Definition proj (v : dV G) : qV K :=
  exist (fun X => X \in qverts K) (Gam K v) (imset_f _ (in_setT v)).

Lemma proj_surj (X : qV K) : exists v, X = proj v.
Proof.
case: X => X XK; have /imsetP [v _ XE] := XK.
by exists v; apply: val_inj.
Qed.

Lemma proj_eq v w : (proj v == proj w) = (Gam K v == Gam K w).
Proof. by []. Qed.

Lemma qA_proj a b : dA a b -> qA (proj a) (proj b).
Proof.
move=> ab; apply/existsP; exists a; rewrite Gam_self /=.
by apply/existsP; exists b; rewrite Gam_self.
Qed.

Lemma qA_projP v w :
  qA (proj v) (proj w) -> exists a b, [/\ a \in Gam K v, b \in Gam K w & dA a b].
Proof. by move=> /existsP [a /andP [av /existsP [b /andP [bw ab]]]]; exists a, b. Qed.

Definition qlift (T : digraph) (tau : {ffun qV K -> dV T}) : {ffun dV G -> dV T} :=
  [ffun v => tau (proj v)].

Lemma qlift_inj (T : digraph) : injective (@qlift T).
Proof.
move=> tau1 tau2 e; apply/ffunP => X; have [v ->] := proj_surj X.
by move/ffunP/(_ v): e; rewrite !ffunE.
Qed.

Lemma qlift_hom (T : digraph) (tau : {ffun qV K -> dV T}) :
  tau \in strict_homs (quot K) T -> qlift tau \in homs G T.
Proof.
by move=> /strict_homsP [hom _]; apply/homsP => v w vw; rewrite !ffunE; apply/hom/qA_proj.
Qed.

Lemma qlift_Gam (T : digraph) (tau : {ffun qV K -> dV T}) :
  tau \in strict_homs (quot K) T -> forall v, Gam (qlift tau) v = Gam K v.
Proof.
move=> /strict_homsP [_ sep] v.
rewrite (@Gam_kernel _ _ _ _ (fun v => tau (proj v))); last by move=> ? ?; rewrite !ffunE.
apply: Gam_same => [x y yx | a b ab ne].
- by congr (tau _); apply/eqP; rewrite proj_eq (Gam_eq yx).
- by apply: sep; [rewrite proj_eq | apply: qA_proj].
Qed.

Definition descend (T : digraph) (t0 : dV T) (xi : dV G -> dV T) : {ffun qV K -> dV T} :=
  [ffun X : qV K => odflt t0 (omap xi [pick x in val X])].

Section Descend.
Variables (T : digraph) (t0 : dV T) (xi : {ffun dV G -> dV T}).
Hypothesis same_blocks : forall v, Gam K v = Gam xi v.

Lemma descend_proj v : descend t0 xi (proj v) = xi v.
Proof.
rewrite ffunE /=; case: pickP => [x|] /=; first by rewrite same_blocks => /Gam_fiber.
by move=> /(_ v); rewrite Gam_self.
Qed.

Lemma qlift_descend : qlift (descend t0 xi) = xi.
Proof. by apply/ffunP => v; rewrite ffunE descend_proj. Qed.

Lemma descend_strict : xi \in homs G T -> descend t0 xi \in strict_homs (quot K) T.
Proof.
move=> /homsP hom; apply/strict_homsP; split=> X Y.
all: have [v ->] := proj_surj X; have [w ->] := proj_surj Y.
- move=> /qA_projP [a [b [av bw ab]]]; rewrite !descend_proj.
  move: av bw; rewrite !same_blocks => av bw.
  by rewrite -(Gam_fiber av) -(Gam_fiber bw); apply: hom.
- rewrite proj_eq !same_blocks => vw /qA_projP [a [b [av bw ab]]].
  rewrite !descend_proj; move: av bw; rewrite !same_blocks => av bw.
  rewrite -(Gam_fiber av) -(Gam_fiber bw); apply: contra vw => /eqP xiab.
  have ba : b \in Gam xi a by apply: Gam_step (Gam_self _ _) _ _; rewrite // ab.
  by rewrite -(Gam_eq av) -(Gam_eq bw) (Gam_eq ba).
Qed.

End Descend.
End Quotient.

Definition canon (G R : digraph) (xi : {ffun dV G -> dV R}) : {ffun dV G -> dV R} :=
  odflt xi [pick x in homs G R | [forall v, Gam x v == Gam xi v]].

Lemma canon_spec (G R : digraph) (xi : {ffun dV G -> dV R}) :
  xi \in homs G R -> canon xi \in homs G R /\ forall v, Gam (canon xi) v = Gam xi v.
Proof.
by move=> xiR; rewrite /canon; case: pickP => [x /andP [xR /forallP e]|] //=; split=> // v; apply/eqP.
Qed.

Lemma canon_eq (G R : digraph) (x1 x2 : {ffun dV G -> dV R}) :
  x1 \in homs G R -> (forall v, Gam x1 v = Gam x2 v) -> canon x1 = canon x2.
Proof.
move=> x1R e; rewrite /canon.
have -> : [pick x in homs G R | [forall v, Gam x v == Gam x2 v]] =
          [pick x in homs G R | [forall v, Gam x v == Gam x1 v]].
  by apply: eq_pick => x /=; congr (_ && _); apply: eq_forallb => v; rewrite e.
case: pickP => [//|] /(_ x1); rewrite /= x1R.
by have -> : [forall v, Gam x1 v == Gam x1 v] by apply/forallP.
Qed.

Section Scheme.
Variables (R S : digraph) (r0 : dV R) (s0 : dV S) (G : digraph).

Definition transfer (xi : {ffun dV G -> dV R}) :
  {ffun qV (canon xi) -> dV R} -> {ffun qV (canon xi) -> dV S} :=
  embed (strict_homs (quot (canon xi)) R) (strict_homs (quot (canon xi)) S) [ffun _ => s0].

Definition rho (xi : {ffun dV G -> dV R}) : {ffun dV G -> dV S} :=
  qlift (transfer (descend (canon xi) r0 xi)).

Hypothesis card_le : forall xi, xi \in homs G R ->
  #|strict_homs (quot xi) R| <= #|strict_homs (quot xi) S|.

Lemma descend_canon_strict xi : xi \in homs G R ->
  descend (canon xi) r0 xi \in strict_homs (quot (canon xi)) R.
Proof. by move=> xiR; have [_ blocks] := canon_spec xiR; exact: descend_strict blocks xiR. Qed.

Lemma card_le_canon xi : xi \in homs G R ->
  #|strict_homs (quot (canon xi)) R| <= #|strict_homs (quot (canon xi)) S|.
Proof. by move=> xiR; have [canonR _] := canon_spec xiR; exact: card_le canonR. Qed.

Lemma transfer_strict xi : xi \in homs G R ->
  transfer (descend (canon xi) r0 xi) \in strict_homs (quot (canon xi)) S.
Proof. by move=> xiR; apply: embed_in (card_le_canon xiR) _ (descend_canon_strict xiR). Qed.

Lemma rho_hom xi : xi \in homs G R -> rho xi \in homs G S.
Proof. by move=> xiR; apply/qlift_hom/transfer_strict. Qed.

Lemma rho_Gam xi : xi \in homs G R -> forall v, Gam (rho xi) v = Gam xi v.
Proof.
by move=> xiR v; rewrite qlift_Gam ?transfer_strict //; have [_ ->] := canon_spec xiR.
Qed.

(* rho xi determines the blocks of xi, hence canon xi; the transferred
   descent is then determined, and so is xi itself. *)
Lemma rho_inj : {in homs G R &, injective rho}.
Proof.
move=> x1 x2 x1R x2R e.
have blocks v : Gam x1 v = Gam x2 v by rewrite -rho_Gam // e rho_Gam.
have [_ canon2] := canon_spec x2R.
have d1 := descend_canon_strict x1R; have d2 := descend_canon_strict x2R.
move: e d1; rewrite /rho /transfer (canon_eq x1R blocks) => /qlift_inj e d1.
have := embed_inj (card_le_canon x2R) d1 d2 e.
have blocks1 v : Gam (canon x2) v = Gam x1 v by rewrite canon2 blocks.
by move=> /(congr1 (@qlift _ _ (canon x2) R)); rewrite (qlift_descend r0 blocks1) (qlift_descend r0 canon2).
Qed.

End Scheme.

Theorem lemma4 (R S : digraph) (D' Dr : digraph -> Prop) :
  rep_system D' Dr ->
  (forall (G : digraph) (xi : {ffun dV G -> dV R}), D' G -> xi \in homs G R ->
     #|strict_homs (quot xi) R| <= #|strict_homs (quot xi) S|) ->
  Gamma_sub Dr R S.
Proof.
move=> [DrD' _ _] card_le.
have /card_gt0P [r0 _] := dne R.
have /card_gt0P [s0 _] := dne S.
exists (rho r0 s0) => G DrG; have card_le_G := card_le G _ (DrD' _ DrG).
split.
- exact: rho_hom.
- exact: rho_inj.
- exact: rho_Gam.
Qed.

- EXERCISE REQUIREMENTS
All lines from the one with "Lemma rho_Gam xi" onward to the end of the records above should be repeated exactly, and only those lines.

- EXERCISE OUTPUT
Lemma rho_Gam xi : xi \in homs G R -> forall v, Gam (rho xi) v = Gam xi v.
Proof.
by move=> xiR v; rewrite qlift_Gam ?transfer_strict //; have [_ ->] := canon_spec xiR.
Qed.

(* rho xi determines the blocks of xi, hence canon xi; the transferred
   descent is then determined, and so is xi itself. *)
Lemma rho_inj : {in homs G R &, injective rho}.
Proof.
move=> x1 x2 x1R x2R e.
have blocks v : Gam x1 v = Gam x2 v by rewrite -rho_Gam // e rho_Gam.
have [_ canon2] := canon_spec x2R.
have d1 := descend_canon_strict x1R; have d2 := descend_canon_strict x2R.
move: e d1; rewrite /rho /transfer (canon_eq x1R blocks) => /qlift_inj e d1.
have := embed_inj (card_le_canon x2R) d1 d2 e.
have blocks1 v : Gam (canon x2) v = Gam x1 v by rewrite canon2 blocks.
by move=> /(congr1 (@qlift _ _ (canon x2) R)); rewrite (qlift_descend r0 blocks1) (qlift_descend r0 canon2).
Qed.

End Scheme.

Theorem lemma4 (R S : digraph) (D' Dr : digraph -> Prop) :
  rep_system D' Dr ->
  (forall (G : digraph) (xi : {ffun dV G -> dV R}), D' G -> xi \in homs G R ->
     #|strict_homs (quot xi) R| <= #|strict_homs (quot xi) S|) ->
  Gamma_sub Dr R S.
Proof.
move=> [DrD' _ _] card_le.
have /card_gt0P [r0 _] := dne R.
have /card_gt0P [s0 _] := dne S.
exists (rho r0 s0) => G DrG; have card_le_G := card_le G _ (DrD' _ DrG).
split.
- exact: rho_hom.
- exact: rho_inj.
- exact: rho_Gam.
Qed.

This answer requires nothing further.